# Exercise details
Starting with the line containing "Lemma uf_meet u" and going on through the line containing "- move=> a b [X FX Xa] ab; exists X => //.", return the lines of the data below exactly, and only those.

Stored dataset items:
Segment Open

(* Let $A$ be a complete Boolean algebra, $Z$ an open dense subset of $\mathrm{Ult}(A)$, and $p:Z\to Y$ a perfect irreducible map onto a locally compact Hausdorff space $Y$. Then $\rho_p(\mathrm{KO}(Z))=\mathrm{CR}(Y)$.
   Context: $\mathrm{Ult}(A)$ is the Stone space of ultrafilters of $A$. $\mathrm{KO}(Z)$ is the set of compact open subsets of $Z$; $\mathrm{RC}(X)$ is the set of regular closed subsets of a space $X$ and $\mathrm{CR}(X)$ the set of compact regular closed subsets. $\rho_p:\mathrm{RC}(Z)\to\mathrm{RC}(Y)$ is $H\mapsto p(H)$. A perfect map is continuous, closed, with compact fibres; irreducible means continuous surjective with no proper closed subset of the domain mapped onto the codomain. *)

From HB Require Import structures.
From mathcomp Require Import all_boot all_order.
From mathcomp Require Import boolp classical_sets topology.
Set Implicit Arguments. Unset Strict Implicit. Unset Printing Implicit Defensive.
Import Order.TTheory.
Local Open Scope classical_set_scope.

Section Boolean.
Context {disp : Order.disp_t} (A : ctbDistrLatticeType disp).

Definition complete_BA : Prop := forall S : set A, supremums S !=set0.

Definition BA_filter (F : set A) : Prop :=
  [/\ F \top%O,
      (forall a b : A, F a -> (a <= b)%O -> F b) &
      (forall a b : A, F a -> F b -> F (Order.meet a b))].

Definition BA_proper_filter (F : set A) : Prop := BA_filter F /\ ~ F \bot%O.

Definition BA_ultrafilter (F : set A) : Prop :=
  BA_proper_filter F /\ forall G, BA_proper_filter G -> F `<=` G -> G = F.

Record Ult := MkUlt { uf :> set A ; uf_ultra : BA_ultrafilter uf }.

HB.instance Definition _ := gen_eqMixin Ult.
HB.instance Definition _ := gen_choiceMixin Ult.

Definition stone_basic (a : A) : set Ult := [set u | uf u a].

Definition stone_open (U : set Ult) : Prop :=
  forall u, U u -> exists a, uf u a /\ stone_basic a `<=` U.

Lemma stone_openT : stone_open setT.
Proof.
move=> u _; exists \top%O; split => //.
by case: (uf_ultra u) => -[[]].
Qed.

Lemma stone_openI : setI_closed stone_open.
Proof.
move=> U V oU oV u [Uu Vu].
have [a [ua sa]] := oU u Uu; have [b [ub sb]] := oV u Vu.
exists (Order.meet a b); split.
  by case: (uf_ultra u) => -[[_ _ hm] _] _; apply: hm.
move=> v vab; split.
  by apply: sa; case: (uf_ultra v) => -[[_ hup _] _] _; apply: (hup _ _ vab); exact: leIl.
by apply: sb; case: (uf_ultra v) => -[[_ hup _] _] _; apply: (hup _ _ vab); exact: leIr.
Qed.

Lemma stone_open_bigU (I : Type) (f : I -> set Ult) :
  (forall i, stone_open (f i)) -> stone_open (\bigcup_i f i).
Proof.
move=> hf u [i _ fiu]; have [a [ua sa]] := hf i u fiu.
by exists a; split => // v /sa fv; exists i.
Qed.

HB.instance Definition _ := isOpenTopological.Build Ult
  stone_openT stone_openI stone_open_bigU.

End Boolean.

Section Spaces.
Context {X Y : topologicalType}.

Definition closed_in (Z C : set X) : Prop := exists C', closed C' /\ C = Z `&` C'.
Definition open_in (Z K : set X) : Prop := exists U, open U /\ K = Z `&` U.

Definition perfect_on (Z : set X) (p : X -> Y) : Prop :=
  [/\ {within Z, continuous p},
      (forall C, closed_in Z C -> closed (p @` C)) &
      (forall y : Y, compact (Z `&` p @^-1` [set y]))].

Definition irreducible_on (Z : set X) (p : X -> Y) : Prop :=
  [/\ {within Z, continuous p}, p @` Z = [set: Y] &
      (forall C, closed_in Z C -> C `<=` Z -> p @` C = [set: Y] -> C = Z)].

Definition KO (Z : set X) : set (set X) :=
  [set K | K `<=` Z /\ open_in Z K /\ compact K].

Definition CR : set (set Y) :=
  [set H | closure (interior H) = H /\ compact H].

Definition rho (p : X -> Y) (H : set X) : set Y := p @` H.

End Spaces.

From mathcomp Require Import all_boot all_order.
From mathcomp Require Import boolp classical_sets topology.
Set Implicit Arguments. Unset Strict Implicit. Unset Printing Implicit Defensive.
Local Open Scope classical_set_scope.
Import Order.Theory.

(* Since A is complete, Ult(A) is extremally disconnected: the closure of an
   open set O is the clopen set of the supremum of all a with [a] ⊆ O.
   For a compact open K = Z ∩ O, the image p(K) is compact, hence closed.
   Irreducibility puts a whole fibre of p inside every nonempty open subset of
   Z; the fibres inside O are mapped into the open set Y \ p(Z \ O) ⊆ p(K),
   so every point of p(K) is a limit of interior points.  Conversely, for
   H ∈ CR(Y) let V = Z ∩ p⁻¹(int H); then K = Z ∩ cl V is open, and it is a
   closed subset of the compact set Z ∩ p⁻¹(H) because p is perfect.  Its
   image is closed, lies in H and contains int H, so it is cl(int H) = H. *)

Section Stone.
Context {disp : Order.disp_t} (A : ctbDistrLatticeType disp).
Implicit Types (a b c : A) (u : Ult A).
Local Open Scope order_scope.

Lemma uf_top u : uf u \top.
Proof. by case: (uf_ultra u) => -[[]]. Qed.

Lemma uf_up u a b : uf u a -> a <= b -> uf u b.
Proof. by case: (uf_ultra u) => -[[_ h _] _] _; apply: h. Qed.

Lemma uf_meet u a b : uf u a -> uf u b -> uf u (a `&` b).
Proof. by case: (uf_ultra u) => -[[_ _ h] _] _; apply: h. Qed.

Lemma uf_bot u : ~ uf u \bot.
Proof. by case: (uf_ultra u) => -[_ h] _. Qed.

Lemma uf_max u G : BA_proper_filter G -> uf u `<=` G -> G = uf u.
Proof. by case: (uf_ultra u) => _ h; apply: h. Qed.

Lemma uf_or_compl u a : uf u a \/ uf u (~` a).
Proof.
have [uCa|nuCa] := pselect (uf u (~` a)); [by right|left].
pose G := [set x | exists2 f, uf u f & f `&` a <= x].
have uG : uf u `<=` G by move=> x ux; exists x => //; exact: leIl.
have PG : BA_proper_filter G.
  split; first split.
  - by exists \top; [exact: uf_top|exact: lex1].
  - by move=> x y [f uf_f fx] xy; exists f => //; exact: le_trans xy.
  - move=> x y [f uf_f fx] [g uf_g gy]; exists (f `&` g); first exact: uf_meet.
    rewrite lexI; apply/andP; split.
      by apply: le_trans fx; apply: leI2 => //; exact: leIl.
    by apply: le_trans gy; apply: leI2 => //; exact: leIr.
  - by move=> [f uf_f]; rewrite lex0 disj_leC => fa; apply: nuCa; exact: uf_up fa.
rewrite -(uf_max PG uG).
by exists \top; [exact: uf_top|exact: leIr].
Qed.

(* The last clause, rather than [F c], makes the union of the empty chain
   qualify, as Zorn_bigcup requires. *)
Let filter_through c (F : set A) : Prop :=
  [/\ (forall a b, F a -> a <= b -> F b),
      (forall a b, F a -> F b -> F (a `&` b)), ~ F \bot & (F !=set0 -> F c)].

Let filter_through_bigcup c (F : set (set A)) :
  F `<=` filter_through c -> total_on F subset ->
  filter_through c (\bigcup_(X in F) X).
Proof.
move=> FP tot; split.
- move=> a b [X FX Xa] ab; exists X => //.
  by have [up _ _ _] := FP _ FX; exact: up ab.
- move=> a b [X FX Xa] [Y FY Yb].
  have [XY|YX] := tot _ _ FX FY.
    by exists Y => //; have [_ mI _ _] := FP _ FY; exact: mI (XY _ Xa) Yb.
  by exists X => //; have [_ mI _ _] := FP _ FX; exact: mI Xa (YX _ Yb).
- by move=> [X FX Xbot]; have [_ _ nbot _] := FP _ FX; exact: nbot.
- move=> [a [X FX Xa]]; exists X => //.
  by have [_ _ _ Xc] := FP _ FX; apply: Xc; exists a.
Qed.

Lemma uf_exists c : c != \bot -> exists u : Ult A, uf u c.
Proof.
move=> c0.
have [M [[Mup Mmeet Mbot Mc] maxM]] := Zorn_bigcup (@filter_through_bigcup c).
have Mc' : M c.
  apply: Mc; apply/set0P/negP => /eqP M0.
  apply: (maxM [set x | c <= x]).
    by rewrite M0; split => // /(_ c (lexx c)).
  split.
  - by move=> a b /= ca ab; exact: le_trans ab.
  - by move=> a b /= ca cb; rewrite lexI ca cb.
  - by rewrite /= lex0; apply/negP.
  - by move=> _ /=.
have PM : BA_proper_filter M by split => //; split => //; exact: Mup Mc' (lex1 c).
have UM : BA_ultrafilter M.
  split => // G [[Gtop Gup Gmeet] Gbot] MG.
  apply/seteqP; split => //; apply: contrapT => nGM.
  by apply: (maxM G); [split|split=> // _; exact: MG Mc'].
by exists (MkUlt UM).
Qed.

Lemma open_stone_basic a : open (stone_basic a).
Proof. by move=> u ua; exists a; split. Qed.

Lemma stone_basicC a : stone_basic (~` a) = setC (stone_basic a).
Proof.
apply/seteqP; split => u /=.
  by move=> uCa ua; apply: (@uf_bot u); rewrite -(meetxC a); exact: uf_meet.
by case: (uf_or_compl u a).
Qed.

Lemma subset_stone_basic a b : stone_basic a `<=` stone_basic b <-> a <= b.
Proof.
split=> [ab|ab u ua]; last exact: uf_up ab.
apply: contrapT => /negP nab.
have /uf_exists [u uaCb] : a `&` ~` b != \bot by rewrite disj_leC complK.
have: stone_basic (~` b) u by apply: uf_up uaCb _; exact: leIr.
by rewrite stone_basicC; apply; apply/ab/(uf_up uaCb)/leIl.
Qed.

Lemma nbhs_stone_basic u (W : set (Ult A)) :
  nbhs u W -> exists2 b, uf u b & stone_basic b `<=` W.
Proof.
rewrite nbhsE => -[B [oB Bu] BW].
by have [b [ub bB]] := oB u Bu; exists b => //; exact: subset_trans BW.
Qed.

Segment Closed

# Completed task
Lemma uf_meet u a b : uf u a -> uf u b -> uf u (a `&` b).
Proof. by case: (uf_ultra u) => -[[_ _ h] _] _; apply: h. Qed.

Lemma uf_bot u : ~ uf u \bot.
Proof. by case: (uf_ultra u) => -[_ h] _. Qed.

Lemma uf_max u G : BA_proper_filter G -> uf u `<=` G -> G = uf u.
Proof. by case: (uf_ultra u) => _ h; apply: h. Qed.

Lemma uf_or_compl u a : uf u a \/ uf u (~` a).
Proof.
have [uCa|nuCa] := pselect (uf u (~` a)); [by right|left].
pose G := [set x | exists2 f, uf u f & f `&` a <= x].
have uG : uf u `<=` G by move=> x ux; exists x => //; exact: leIl.
have PG : BA_proper_filter G.
  split; first split.
  - by exists \top; [exact: uf_top|exact: lex1].
  - by move=> x y [f uf_f fx] xy; exists f => //; exact: le_trans xy.
  - move=> x y [f uf_f fx] [g uf_g gy]; exists (f `&` g); first exact: uf_meet.
    rewrite lexI; apply/andP; split.
      by apply: le_trans fx; apply: leI2 => //; exact: leIl.
    by apply: le_trans gy; apply: leI2 => //; exact: leIr.
  - by move=> [f uf_f]; rewrite lex0 disj_leC => fa; apply: nuCa; exact: uf_up fa.
rewrite -(uf_max PG uG).
by exists \top; [exact: uf_top|exact: leIr].
Qed.

(* The last clause, rather than [F c], makes the union of the empty chain
   qualify, as Zorn_bigcup requires. *)
Let filter_through c (F : set A) : Prop :=
  [/\ (forall a b, F a -> a <= b -> F b),
      (forall a b, F a -> F b -> F (a `&` b)), ~ F \bot & (F !=set0 -> F c)].

Let filter_through_bigcup c (F : set (set A)) :
  F `<=` filter_through c -> total_on F subset ->
  filter_through c (\bigcup_(X in F) X).
Proof.
move=> FP tot; split.
- move=> a b [X FX Xa] ab; exists X => //.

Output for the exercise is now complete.